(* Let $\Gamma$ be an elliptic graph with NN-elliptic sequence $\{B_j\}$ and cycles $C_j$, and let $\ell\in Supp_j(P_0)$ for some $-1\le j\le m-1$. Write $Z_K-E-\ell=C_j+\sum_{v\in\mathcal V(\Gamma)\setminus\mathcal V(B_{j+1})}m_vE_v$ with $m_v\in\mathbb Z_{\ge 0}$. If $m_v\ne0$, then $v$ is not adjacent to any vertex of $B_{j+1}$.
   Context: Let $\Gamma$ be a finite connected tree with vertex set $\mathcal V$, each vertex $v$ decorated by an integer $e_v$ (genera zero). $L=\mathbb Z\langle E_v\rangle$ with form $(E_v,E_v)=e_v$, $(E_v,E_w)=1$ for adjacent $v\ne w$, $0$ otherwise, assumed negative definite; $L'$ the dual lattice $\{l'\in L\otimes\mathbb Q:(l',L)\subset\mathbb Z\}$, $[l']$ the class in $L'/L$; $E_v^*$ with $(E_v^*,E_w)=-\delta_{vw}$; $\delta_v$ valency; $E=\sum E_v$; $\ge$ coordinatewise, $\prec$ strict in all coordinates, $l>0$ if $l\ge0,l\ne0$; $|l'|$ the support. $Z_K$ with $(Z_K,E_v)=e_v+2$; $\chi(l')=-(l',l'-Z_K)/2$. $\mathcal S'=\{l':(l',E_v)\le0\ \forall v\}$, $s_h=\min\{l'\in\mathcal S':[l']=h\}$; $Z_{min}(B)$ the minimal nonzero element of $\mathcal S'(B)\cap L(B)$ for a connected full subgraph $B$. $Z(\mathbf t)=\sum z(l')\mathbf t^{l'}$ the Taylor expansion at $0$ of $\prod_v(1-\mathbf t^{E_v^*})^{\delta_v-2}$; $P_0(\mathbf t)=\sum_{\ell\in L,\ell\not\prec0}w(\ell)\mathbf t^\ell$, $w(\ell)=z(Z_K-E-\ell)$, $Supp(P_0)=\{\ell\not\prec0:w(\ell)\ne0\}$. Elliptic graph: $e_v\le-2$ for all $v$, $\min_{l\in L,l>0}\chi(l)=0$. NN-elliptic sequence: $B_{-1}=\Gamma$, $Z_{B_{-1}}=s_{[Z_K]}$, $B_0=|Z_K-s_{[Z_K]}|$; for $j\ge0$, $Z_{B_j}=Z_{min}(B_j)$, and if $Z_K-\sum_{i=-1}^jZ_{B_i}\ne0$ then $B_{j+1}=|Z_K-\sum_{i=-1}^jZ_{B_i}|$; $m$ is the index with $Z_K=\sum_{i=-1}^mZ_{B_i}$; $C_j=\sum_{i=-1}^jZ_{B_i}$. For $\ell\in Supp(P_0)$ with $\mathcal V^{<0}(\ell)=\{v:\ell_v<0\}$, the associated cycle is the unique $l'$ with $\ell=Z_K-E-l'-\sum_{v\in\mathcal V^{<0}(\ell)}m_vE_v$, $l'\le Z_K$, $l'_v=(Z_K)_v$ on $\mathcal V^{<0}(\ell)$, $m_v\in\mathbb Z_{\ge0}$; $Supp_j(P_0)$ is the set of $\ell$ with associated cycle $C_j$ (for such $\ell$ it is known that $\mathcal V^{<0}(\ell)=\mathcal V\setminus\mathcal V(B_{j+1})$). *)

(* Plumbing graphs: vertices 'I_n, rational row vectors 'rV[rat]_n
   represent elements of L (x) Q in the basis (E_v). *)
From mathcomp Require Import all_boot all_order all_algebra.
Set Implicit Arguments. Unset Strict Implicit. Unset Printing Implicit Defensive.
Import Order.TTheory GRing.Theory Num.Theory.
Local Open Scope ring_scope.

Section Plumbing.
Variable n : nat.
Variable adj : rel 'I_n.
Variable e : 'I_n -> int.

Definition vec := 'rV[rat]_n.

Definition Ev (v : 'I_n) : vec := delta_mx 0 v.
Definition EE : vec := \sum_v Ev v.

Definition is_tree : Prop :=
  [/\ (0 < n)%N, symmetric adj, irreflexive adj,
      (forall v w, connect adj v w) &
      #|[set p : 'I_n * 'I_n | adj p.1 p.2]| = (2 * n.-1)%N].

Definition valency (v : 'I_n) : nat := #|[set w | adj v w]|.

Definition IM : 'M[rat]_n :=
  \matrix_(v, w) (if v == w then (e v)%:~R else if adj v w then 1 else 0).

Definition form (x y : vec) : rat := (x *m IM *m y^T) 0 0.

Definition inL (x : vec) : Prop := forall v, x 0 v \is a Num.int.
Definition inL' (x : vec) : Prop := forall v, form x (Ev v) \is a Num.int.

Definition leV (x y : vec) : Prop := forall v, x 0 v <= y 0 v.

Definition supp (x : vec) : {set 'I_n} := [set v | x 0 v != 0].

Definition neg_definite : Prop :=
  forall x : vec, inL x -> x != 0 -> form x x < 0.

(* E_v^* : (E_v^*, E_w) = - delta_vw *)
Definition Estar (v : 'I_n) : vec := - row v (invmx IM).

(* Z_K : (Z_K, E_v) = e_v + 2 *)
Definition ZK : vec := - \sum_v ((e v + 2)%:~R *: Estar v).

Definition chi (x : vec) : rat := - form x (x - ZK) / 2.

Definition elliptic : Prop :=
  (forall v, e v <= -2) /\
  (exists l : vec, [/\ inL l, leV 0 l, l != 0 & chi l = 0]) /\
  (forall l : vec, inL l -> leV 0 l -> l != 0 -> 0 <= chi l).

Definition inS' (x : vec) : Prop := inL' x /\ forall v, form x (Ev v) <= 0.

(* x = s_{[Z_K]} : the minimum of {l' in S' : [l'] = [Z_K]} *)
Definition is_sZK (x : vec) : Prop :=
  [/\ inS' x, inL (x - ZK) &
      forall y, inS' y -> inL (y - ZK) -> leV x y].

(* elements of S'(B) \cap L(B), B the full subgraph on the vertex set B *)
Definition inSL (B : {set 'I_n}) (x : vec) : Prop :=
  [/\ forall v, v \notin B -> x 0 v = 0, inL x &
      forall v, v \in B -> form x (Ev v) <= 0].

Task instructions — All lines with the word "elements" must be located in the data and copied.

Your solution —
   represent elements of L (x) Q in the basis (E_v). *)
(* elements of S'(B) \cap L(B), B the full subgraph on the vertex set B *)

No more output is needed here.